In the latest example of a troubling industry pattern, NVIDIA appears to have a large amount of copyrighted AI training content. Monday, 404 Media’s Samantha Cole reported that the $2.4 trillion company asked employees to download videos from YouTube, Netflix and other data sets to develop commercial AI projects. The graphics card maker is among the tech companies that appear to be adopting a “move fast and break things” ethos as they race for dominance in this feverish, often embarrassing AI gold rush.

The training was reportedly to develop models for products such as its Omniverse 3D world generator, self-driving car systems and “digital human” efforts.

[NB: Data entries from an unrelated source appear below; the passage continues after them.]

(* Let $\rho,\pi,\gamma,\delta>0$, $0<\beta<1$, $\sigma>0$ with $\sigma\neq 1$, and assume $$\rho<\delta<\rho+\delta\sigma,\qquad \frac{\delta+\pi-\pi\beta}{\beta}-\frac{\delta-\rho}{\sigma}>0 .$$ Put $z^*=\left(\frac{\beta\gamma}{\delta+\pi}\right)^{\frac{1}{\beta-1}}$ and $\theta=\frac{\delta+\pi-\pi\beta}{\beta}-\frac{\delta-\rho}{\sigma}$. Let $c_1>0$, $z_0>0$ with $z_0\neq z^*$, and $c_0,k_0,h_0,u_0>0$ with $u_0=z_0k_0/h_0$. Define for $t\ge 0$ $$z(t)=\frac{z^*z_0}{\left[(z^{*1-\beta}-z_0^{1-\beta})e^{-\frac{(1-\beta)(\delta+\pi)}{\beta}t}+z_0^{1-\beta}\right]^{\frac{1}{1-\beta}}},\qquad F(t)=\int_0^t z(s)^{\frac{\sigma-\beta}{\sigma}}e^{-\theta s}\,ds,$$ and $K=\frac{k_0}{c_0 z_0^{\frac{\beta-\sigma}{\sigma}}}$. Assume $$c_0 z_0^{\frac{\beta}{\sigma}}=\left(\frac{c_1\delta}{(1-\beta)\gamma}\right)^{-\frac{1}{\sigma}},\qquad \lim_{t\to\infty}F(t)=K,$$ $$\frac{\gamma(1-\beta)(\rho-\delta+\delta\sigma)}{\delta}=\frac{u_0}{k_0}\Big[\sigma c_0z_0^{\beta-1}-(\rho+\pi-\pi\sigma)k_0z_0^{\beta-1}+\beta\gamma(1-\sigma)k_0\Big].$$ Define $$c(t)=c_0z_0^{\frac{\beta}{\sigma}}e^{-\frac{\rho-\delta}{\sigma}t}z(t)^{-\frac{\beta}{\sigma}},\qquad k(t)=\big(K-F(t)\big)c_0z_0^{\frac{\beta}{\sigma}}z(t)^{-1}e^{\frac{\delta+\pi-\pi\beta}{\beta}t},$$ $$h(t)=\frac{h_0\Big[\sigma c_0z_0^{\frac{\beta}{\sigma}}e^{-\frac{\rho-\delta}{\sigma}t}z(t)^{\beta-\frac{\beta}{\sigma}}+\big(\beta\gamma(1-\sigma)-(\rho+\pi-\pi\sigma)z(t)^{\beta-1}\big)\big(K-F(t)\big)c_0z_0^{\frac{\beta}{\sigma}}e^{\frac{\delta+\pi-\pi\beta}{\beta}t}\Big]}{z_0\big[\sigma c_0z_0^{\beta-1}-(\rho+\pi-\pi\sigma)k_0z_0^{\beta-1}+\beta\gamma(1-\sigma)k_0\big]},$$ $$u(t)=\frac{u_0}{k_0}\Big[\sigma c_0z_0^{\beta-1}-(\rho+\pi-\pi\sigma)k_0z_0^{\beta-1}+\beta\gamma(1-\sigma)k_0\Big]\cdot\frac{K-F(t)}{\big[\beta\gamma(1-\sigma)-(\rho+\pi-\pi\sigma)z(t)^{\beta-1}\big]\big(K-F(t)\big)+\sigma z(t)^{\beta-\frac{\beta}{\sigma}}e^{-\theta t}},$$ $$\lambda(t)=\frac{c_1\delta}{(1-\beta)\gamma}e^{(\rho-\delta)t}z(t)^{\beta},\qquad \mu(t)=c_1e^{(\rho-\delta)t}.$$ Then $(c,u,k,h,\lambda,\mu)$ is a solution of the first-order conditions of the Lucas–Uzawa problem, namely for all $t\ge0$: $$\lambda=c^{-\sigma},\quad u^{\beta}=\frac{\gamma(1-\beta)k^{\beta}h^{-\beta}}{\delta}\frac{\lambda}{\mu},\quad \dot k=\gamma k^{\beta}u^{1-\beta}h^{1-\beta}-\pi k-c,\quad \dot h=\delta(1-u)h,$$ $$\dot\lambda=-\lambda\gamma\beta u^{1-\beta}k^{\beta-1}h^{1-\beta}+\lambda(\rho+\pi),\quad \dot\mu=\mu(\rho-\delta),$$ with $c(0)=c_0$, $k(0)=k_0$, $h(0)=h_0$, $u(0)=u_0$, $z(0)=z_0$, and $z(t)=h(t)u(t)/k(t)$, and it satisfies the transversality conditions $\lim_{t\to\infty}e^{-\rho t}\lambda(t)k(t)=0$ and $\lim_{t\to\infty}e^{-\rho t}\mu(t)h(t)=0$.
   Context: Lucas–Uzawa model: a representative agent maximizes $\int_0^\infty \frac{c^{1-\sigma}-1}{1-\sigma}e^{-\rho t}\,dt$ over consumption $c$ and the fraction $u$ of labor allocated to production of physical capital, subject to $\dot k=\gamma k^\beta u^{1-\beta}h^{1-\beta}-\pi k-c$ and $\dot h=\delta(1-u)h$, where $k$ is physical capital, $h$ is human capital, $\rho$ the discount rate, $\pi$ the depreciation rate, $\gamma,\delta$ technology levels, $\beta$ the output elasticity of physical capital, $1/\sigma$ the elasticity of intertemporal substitution. The current-value Hamiltonian is $H=\frac{c^{1-\sigma}-1}{1-\sigma}+\lambda[\gamma k^\beta u^{1-\beta}h^{1-\beta}-\pi k-c]+\mu\delta(1-u)h$ with costate variables $\lambda,\mu$; the displayed equations are the Pontryagin first-order conditions. The variable $z$ denotes $hu/k$. *)

From Stdlib Require Import Reals.
From Coquelicot Require Import Coquelicot.
Open Scope R_scope.

Record LUparams := mkLU {
  lu_rho : R; lu_dpi : R; lu_gam : R; lu_del : R; lu_bet : R; lu_sig : R;
  lu_c1 : R; lu_z0 : R; lu_c0 : R; lu_k0 : R; lu_h0 : R; lu_u0 : R }.

Section LU.
Variable p : LUparams.

(* real powers x^a are Rpower x a (= exp (a ln x)), used only for x > 0 *)
Definition zstar : R :=
  Rpower (lu_bet p * lu_gam p / (lu_del p + lu_dpi p)) (1 / (lu_bet p - 1)).

Definition theta : R :=
  (lu_del p + lu_dpi p - lu_dpi p * lu_bet p) / lu_bet p - (lu_del p - lu_rho p) / lu_sig p.

Definition zf (t : R) : R :=
  zstar * lu_z0 p /
  Rpower ((Rpower zstar (1 - lu_bet p) - Rpower (lu_z0 p) (1 - lu_bet p))
            * exp (- ((1 - lu_bet p) * (lu_del p + lu_dpi p) / lu_bet p) * t)
          + Rpower (lu_z0 p) (1 - lu_bet p)) (1 / (1 - lu_bet p)).

Definition Ff (t : R) : R :=
  RInt (fun s => Rpower (zf s) ((lu_sig p - lu_bet p) / lu_sig p) * exp (- theta * s)) 0 t.

Definition Kc : R := lu_k0 p / (lu_c0 p * Rpower (lu_z0 p) ((lu_bet p - lu_sig p) / lu_sig p)).

Definition Dc : R :=
  lu_sig p * lu_c0 p * Rpower (lu_z0 p) (lu_bet p - 1)
  - (lu_rho p + lu_dpi p - lu_dpi p * lu_sig p) * lu_k0 p * Rpower (lu_z0 p) (lu_bet p - 1)
  + lu_bet p * lu_gam p * (1 - lu_sig p) * lu_k0 p.

Definition cf (t : R) : R :=
  lu_c0 p * Rpower (lu_z0 p) (lu_bet p / lu_sig p) * exp (- ((lu_rho p - lu_del p) / lu_sig p) * t)
  * Rpower (zf t) (- (lu_bet p / lu_sig p)).

Definition kf (t : R) : R :=
  (Kc - Ff t) * lu_c0 p * Rpower (lu_z0 p) (lu_bet p / lu_sig p) * / zf t
  * exp ((lu_del p + lu_dpi p - lu_dpi p * lu_bet p) / lu_bet p * t).

Definition hf (t : R) : R :=
  lu_h0 p *
  (lu_sig p * lu_c0 p * Rpower (lu_z0 p) (lu_bet p / lu_sig p)
     * exp (- ((lu_rho p - lu_del p) / lu_sig p) * t)
     * Rpower (zf t) (lu_bet p - lu_bet p / lu_sig p)
   + (lu_bet p * lu_gam p * (1 - lu_sig p)
      - (lu_rho p + lu_dpi p - lu_dpi p * lu_sig p) * Rpower (zf t) (lu_bet p - 1))
     * (Kc - Ff t) * lu_c0 p * Rpower (lu_z0 p) (lu_bet p / lu_sig p)
     * exp ((lu_del p + lu_dpi p - lu_dpi p * lu_bet p) / lu_bet p * t))
  / (lu_z0 p * Dc).

Definition uf (t : R) : R :=
  lu_u0 p / lu_k0 p * Dc *
  ((Kc - Ff t) /
   ((lu_bet p * lu_gam p * (1 - lu_sig p)
     - (lu_rho p + lu_dpi p - lu_dpi p * lu_sig p) * Rpower (zf t) (lu_bet p - 1)) * (Kc - Ff t)
    + lu_sig p * Rpower (zf t) (lu_bet p - lu_bet p / lu_sig p) * exp (- theta * t))).

Definition lamf (t : R) : R :=
  lu_c1 p * lu_del p / ((1 - lu_bet p) * lu_gam p) * exp ((lu_rho p - lu_del p) * t)
  * Rpower (zf t) (lu_bet p).

Definition muf (t : R) : R := lu_c1 p * exp ((lu_rho p - lu_del p) * t).

End LU.

(* The ratio z solves the Bernoulli equation z' = z ((δ + π)/β - γ z^(1-β)), so z^(1-β) stays
   between two positive constants for t ≥ 0.  With G = K - F (the tail of the integral
   defining F), g = (δ + π - πβ)/β and the bracket
     B = (βγ(1-σ) - (ρ + π - πσ) z^(β-1)) G + σ z^(β-β/σ) e^(-θt),
   one has k = c0 z0^(β/σ) G e^(gt) / z, h = const · e^(gt) B and u = const · G / B, and every
   first-order condition becomes an identity between derivatives of these closed forms.
   The one delicate point is B > 0: B' = -r B - γ(1-β)(ρ - δ + δσ) G with
   r = (1-β)(δ+π)/β < θ, so B e^(rt) is strictly decreasing, and it tends to 0 because G and B
   are O(e^(-θt)).  The same bounds show that e^(-ρt) λ k and e^(-ρt) μ h are
   O(e^(-(δ - (δ-ρ)/σ) t)), which gives the transversality conditions. *)

From Stdlib Require Import Reals Lra.
From Coquelicot Require Import Coquelicot.
Open Scope R_scope.

Lemma exp_le_exp x y : x <= y -> exp x <= exp y.
Proof. intros [Hlt | ->]; [left; apply exp_increasing | right]; auto. Qed.

Lemma Rpower_pos x c : 0 < Rpower x c.
Proof. apply exp_pos. Qed.

Lemma Rpower_div x y c : 0 < x -> 0 < y -> Rpower (x / y) c = Rpower x c / Rpower y c.
Proof.
  intros Hx Hy. unfold Rpower. rewrite ln_div by auto.
  rewrite Rmult_minus_distr_l, Rminus_def, exp_plus, exp_Ropp. reflexivity.
Qed.

Lemma Rpower_exp x c : Rpower (exp x) c = exp (c * x).
Proof. unfold Rpower. rewrite ln_exp. reflexivity. Qed.

Lemma Rpower_1_plus x c : 0 < x -> Rpower x (1 + c) = x * Rpower x c.
Proof. intros Hx. rewrite Rpower_plus, Rpower_1 by auto. reflexivity. Qed.

Lemma Rpower_le_max x m M c : 0 < m -> m <= x <= M ->
  Rpower x c <= Rmax (Rpower m c) (Rpower M c).
Proof.
  intros Hm [HmX HxM]. unfold Rpower.
  assert (ln m <= ln x) by (apply ln_le; lra).
  assert (ln x <= ln M) by (apply ln_le; lra).
  destruct (Rle_or_lt 0 c) as [Hc | Hc].
  - eapply Rle_trans; [| apply Rmax_r]. apply exp_le_exp. nra.
  - eapply Rle_trans; [| apply Rmax_l]. apply exp_le_exp. nra.
Qed.

Lemma Rpower_ratio x y w c : 0 < x -> 0 < y -> 0 < w ->
  Rpower (x * y / w) c = Rpower x c * Rpower y c / Rpower w c.
Proof.
  intros Hx Hy Hw. rewrite Rpower_div, Rpower_mult_distr; auto.
  apply Rmult_lt_0_compat; auto.
Qed.

Lemma Rpower_cobb_douglas k h z b : 0 < k -> 0 < h -> 0 < z ->
  Rpower k b * Rpower (z * k / h) (1 - b) * Rpower h (1 - b) = k * Rpower z (1 - b).
Proof.
  intros Hk Hh Hz. rewrite Rpower_ratio by auto.
  assert (Hkk : Rpower k b * Rpower k (1 - b) = k)
    by (rewrite <- Rpower_plus; replace (b + (1 - b)) with 1 by ring; apply Rpower_1, Hk).
  assert (0 < Rpower h (1 - b)) by apply Rpower_pos.
  transitivity (Rpower z (1 - b) * (Rpower k b * Rpower k (1 - b))); [field; lra |].
  rewrite Hkk. ring.
Qed.

Lemma Rpower_cobb_douglas_div k h z b : 0 < k -> 0 < h -> 0 < z ->
  Rpower (z * k / h) (1 - b) * Rpower k (b - 1) * Rpower h (1 - b) = Rpower z (1 - b).
Proof.
  intros Hk Hh Hz. rewrite Rpower_ratio by auto.
  assert (Hkk : Rpower k (1 - b) * Rpower k (b - 1) = 1)
    by (rewrite <- Rpower_plus; replace (1 - b + (b - 1)) with 0 by ring; apply Rpower_O, Hk).
  assert (0 < Rpower h (1 - b)) by apply Rpower_pos.
  transitivity (Rpower z (1 - b) * (Rpower k (1 - b) * Rpower k (b - 1))); [field; lra |].
  rewrite Hkk. ring.
Qed.

Lemma le_mul_exp_of_le_exp_neg a M r t : a <= M * exp (- r * t) -> a * exp (r * t) <= M.
Proof.
  intros Ha. pose proof (exp_pos (r * t)).
  replace M with (M * exp (- r * t) * exp (r * t))
    by (rewrite Rmult_assoc, <- exp_plus; replace (- r * t + r * t) with 0 by ring;
        rewrite exp_0; ring).
  apply Rmult_le_compat_r; lra.
Qed.

Lemma is_lim_exp_neg nu : nu < 0 -> is_lim (fun t => exp (nu * t)) p_infty 0.
Proof.
  intros Hnu.
  apply (is_lim_ext (fun t => exp (nu * t + 0))); [intros t; rewrite Rplus_0_r; reflexivity |].
  apply (is_lim_comp_lin (fun y => exp y) nu 0 p_infty 0); [| lra].
  replace (Rbar_plus (Rbar_mult nu p_infty) 0) with m_infty.
  - apply is_lim_exp_m.
  - simpl. destruct (Rle_dec 0 nu); [exfalso; lra | reflexivity].
Qed.

Lemma is_lim_0_of_exp_bound (f : R -> R) C nu : nu < 0 ->
  (forall t, 0 <= t -> Rabs (f t) <= C * exp (nu * t)) -> is_lim f p_infty 0.
Proof.
  intros Hnu Hf.
  assert (Hlim := is_lim_scal_l _ C _ _ (is_lim_exp_neg nu Hnu)).
  simpl in Hlim. rewrite Rmult_0_r in Hlim.
  apply (is_lim_le_le_loc (fun t => - (C * exp (nu * t))) (fun t => C * exp (nu * t))).
  - exists 0. intros t Ht. apply Rabs_le_between, Hf. lra.
  - replace (Finite 0) with (Rbar_opp 0) by (simpl; f_equal; ring).
    apply is_lim_opp. exact Hlim.
  - exact Hlim.
Qed.

Lemma MVT_closed (f df : R -> R) a b : a < b ->
  (forall x, a <= x <= b -> is_derive f x (df x)) ->
  exists c, a <= c <= b /\ f b - f a = df c * (b - a).
Proof.
  intros Hab Hd.
  destruct (MVT_gen f a b df) as [c [Hc Hfc]]; rewrite ?Rmin_left, ?Rmax_right in * by lra.
  - intros x Hx. apply Hd. lra.
  - intros x Hx. apply continuity_pt_filterlim, (ex_derive_continuous f x).
    exists (df x). apply Hd. exact Hx.
  - exists c. auto.
Qed.

Lemma is_lim_le_of_derive_nonpos (f df : R -> R) a (L : R) :
  (forall x, a <= x -> is_derive f x (df x)) -> (forall x, a <= x -> df x <= 0) ->
  is_lim f p_infty L -> L <= f a.
Proof.
  intros Hd Hneg Hlim.
  assert (Hle : Rbar_le L (f a)).
  { apply (is_lim_le_loc f (fun _ => f a) p_infty); [| exact Hlim | apply is_lim_const].
    exists a. intros y Hy.
    destruct (MVT_closed f df a y) as [c [Hc Hfc]]; [lra | intros x Hx; apply Hd; lra |].
    assert (df c <= 0) by (apply Hneg; lra). nra. }
  exact Hle.
Qed.

Lemma is_lim_lt_of_derive_neg (f df : R -> R) a (L : R) :
  (forall x, a <= x -> is_derive f x (df x)) -> (forall x, a <= x -> df x < 0) ->
  is_lim f p_infty L -> L < f a.
Proof.
  intros Hd Hneg Hlim.
  assert (Hstep : f (a + 1) < f a).
  { destruct (MVT_closed f df a (a + 1)) as [c [Hc Hfc]]; [lra | intros x Hx; apply Hd; lra |].
    assert (df c < 0) by (apply Hneg; lra). nra. }
  assert (L <= f (a + 1)).
  { apply (is_lim_le_of_derive_nonpos f df (a + 1)); auto.
    - intros x Hx. apply Hd. lra.
    - intros x Hx. left. apply Hneg. lra. }
  lra.
Qed.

NVIDIA defended its actions in an email to Engadget. A company spokesperson said its research “fully complies with the letter and spirit of copyright law” while saying IP laws protect certain expressions “but not facts, opinions, data, or information.” The company equated this practice with a person’s right to “read facts, opinions, data, or information from another source and use them to express their own opinion.” Human, computer… what’s the difference?

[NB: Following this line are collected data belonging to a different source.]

(* Let $\mathbb T=\mathbb{R}/\mathbb{Z}$, let $\sigma_1,\sigma_2:\mathbb T\to\mathbb T$ be measurable maps with $\lambda_{\mathbb T}(\sigma_i^{-1}(\mathbb{Q}/\mathbb{Z}))=0$ for $i=1,2$, and let $\Gamma$ be the group generated by $h(x,y)=(x+\sigma_2(y),y)$ and $v(x,y)=(x,y+\sigma_1(x))$ acting on $\mathbb T^2$. Then the action of $\Gamma$ on $\mathbb T^2$ is ergodic with respect to the Lebesgue measure $\lambda_{\mathbb T^2}$.
   Context: $\lambda_{\mathbb T^d}$ denotes the normalized Lebesgue measure on $\mathbb T^d$; $h,v$ are invertible and preserve $\lambda_{\mathbb T^2}$. *)

(* The torus T = R/Z is modelled by the fundamental
   domain [0,1) with addition mod 1; T^2 by [0,1) x [0,1) inside R * R. *)
From HB Require Import structures.
From mathcomp Require Import all_boot all_order all_algebra.
From mathcomp Require Import all_classical all_reals all_analysis.
Set Implicit Arguments. Unset Strict Implicit. Unset Printing Implicit Defensive.
Import Order.TTheory GRing.Theory Num.Theory.
Local Open Scope classical_set_scope.
Local Open Scope ring_scope.

Section Torus.
Variable R : realType.

Definition frac (x : R) : R := x - (Num.floor x)%:~R.

Definition T1 : set R := `[0, 1[%classic.
Definition T2 : set (R * R) := T1 `*` T1.

(* x mod 1 lies in Q/Z  iff  x is rational *)
Definition is_rational (x : R) : Prop := exists q : rat, x = ratr q.

Definition hmap (s2 : R -> R) (p : R * R) : R * R := (frac (p.1 + s2 p.2), p.2).
Definition hinv (s2 : R -> R) (p : R * R) : R * R := (frac (p.1 - s2 p.2), p.2).
Definition vmap (s1 : R -> R) (p : R * R) : R * R := (p.1, frac (p.2 + s1 p.1)).
Definition vinv (s1 : R -> R) (p : R * R) : R * R := (p.1, frac (p.2 - s1 p.1)).

Inductive in_Gamma (s1 s2 : R -> R) : (R * R -> R * R) -> Prop :=
| Gamma_id : in_Gamma s1 s2 id
| Gamma_h g : in_Gamma s1 s2 g -> in_Gamma s1 s2 (hmap s2 \o g)
| Gamma_hinv g : in_Gamma s1 s2 g -> in_Gamma s1 s2 (hinv s2 \o g)
| Gamma_v g : in_Gamma s1 s2 g -> in_Gamma s1 s2 (vmap s1 \o g)
| Gamma_vinv g : in_Gamma s1 s2 g -> in_Gamma s1 s2 (vinv s1 \o g).

(* normalized Lebesgue measure on T^2 (T2 has product measure 1) *)
Definition lambda2 := ((@lebesgue_measure R) \x (@lebesgue_measure R))%E.

Definition Gamma_ergodic (s1 s2 : R -> R) : Prop :=
  forall A : set (R * R), measurable A -> A `<=` T2 ->
    (forall g, in_Gamma s1 s2 g -> T2 `&` (g @^-1` A) = A) ->
    lambda2 A = 0%E \/ lambda2 A = 1%E.
End Torus.

(** Let A be a measurable invariant subset of T^2.  For almost every x the
   generator v translates the vertical fibre of A over x by the irrational
   number s1 x, so that fibre is invariant under an irrational rotation of T;
   likewise the horizontal fibres under h and s2.

   A measurable set F of reals with periods 1 and an irrational a has
   arbitrarily small periods (Dirichlet), so the measure of F in ]t, t + s] is
   independent of t and additive in s, hence equal to c s.  By uniqueness of
   measures F then has density c in every measurable set, in particular in F
   itself, so c = c^2: irrational rotations are ergodic and the fibres of A
   have measure 0 or 1.

   Finally let S be the set of y whose horizontal fibre is full.  Integrating
   horizontal fibres gives lambda(A) = lambda(S) = lambda(A & (T x S)), while
   integrating vertical fibres gives lambda(A & (T x S)) = lambda(S) lambda(A),
   hence lambda(A) is 0 or 1. *)
From Pilot Require Import Defs.
From mathcomp Require Import all_boot all_order all_algebra.
From mathcomp Require Import all_classical all_reals all_analysis.
From mathcomp Require Import lra measurable_realfun.
Import Order.TTheory GRing.Theory Num.Theory.
Set Implicit Arguments. Unset Strict Implicit. Unset Printing Implicit Defensive.
Local Open Scope classical_set_scope.
Local Open Scope ring_scope.
(* Unqualified [frac] is the numerator/denominator pair of fraction.v. *)
Local Notation frac := Defs.frac.

Lemma mule_idem_eq01 (R : realType) (x : \bar R) : x \is a fin_num ->
  x = (x * x)%E -> x = 0%E \/ x = 1%E.
Proof.
move=> /fineK <-; rewrite -EFinM => -[xx].
have [->|x0] := eqVneq (fine x) 0; [by left|right; congr (_%:E)].
by apply: (mulIf x0); rewrite mul1r -xx.
Qed.
Section FractionalPart.
Variable R : realType.
Implicit Types x y : R.

Lemma frac_ge0 x : 0 <= frac x.
Proof. by rewrite /frac subr_ge0 floor_le. Qed.

Lemma frac_lt1 x : frac x < 1.
Proof. have := floorD1_gt x; rewrite /frac intrD; lra. Qed.

Lemma T1_frac x : T1 (frac x).
Proof. by rewrite /T1 /= in_itv /= frac_ge0 frac_lt1. Qed.

Lemma frac_T1 x : T1 x -> frac x = x.
Proof.
rewrite /T1 /= in_itv /= => x01; rewrite /frac (_ : Num.floor x = 0) ?subr0 //.
by apply/eqP; rewrite floor_eq add0r.
Qed.

Lemma fracDz x (z : int) : frac (x + z%:~R) = frac x.
Proof. rewrite /frac floorDrz ?intr_int // intrKfloor intrD; lra. Qed.

Lemma frac_fracD x y : frac (frac x + y) = frac (x + y).
Proof. by rewrite {2}/frac addrAC -intrN fracDz. Qed.

End FractionalPart.

Section Dirichlet.
Variable R : realType.

Lemma truncn_eq_dist_lt1 (x y : R) : 0 <= x -> 0 <= y ->
  Num.truncn x = Num.truncn y -> `|x - y| < 1.
Proof.
move=> x0 y0 xy; have := truncn_itv x0; have := truncn_itv y0; rewrite -xy.
rewrite -natr1 ltr_norml => /andP[? ?] /andP[? ?]; apply/andP; split; lra.
Qed.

YouTube doesn’t seem to agree. Speaker Jack Malon showed us a Bloomberg story from April, citing CEO Neal Mohan as saying that using YouTube to train AI models would be a “clear violation” of its terms. “Our previous comments still stand,” YouTube’s policy communications manager wrote to Engadget.

That quote from Mohan in April was in response to reports that OpenAI trained its text-to-video generator for Sora in YouTube videos without permission. Last month, a report indicated that Runway AI startup followed suit.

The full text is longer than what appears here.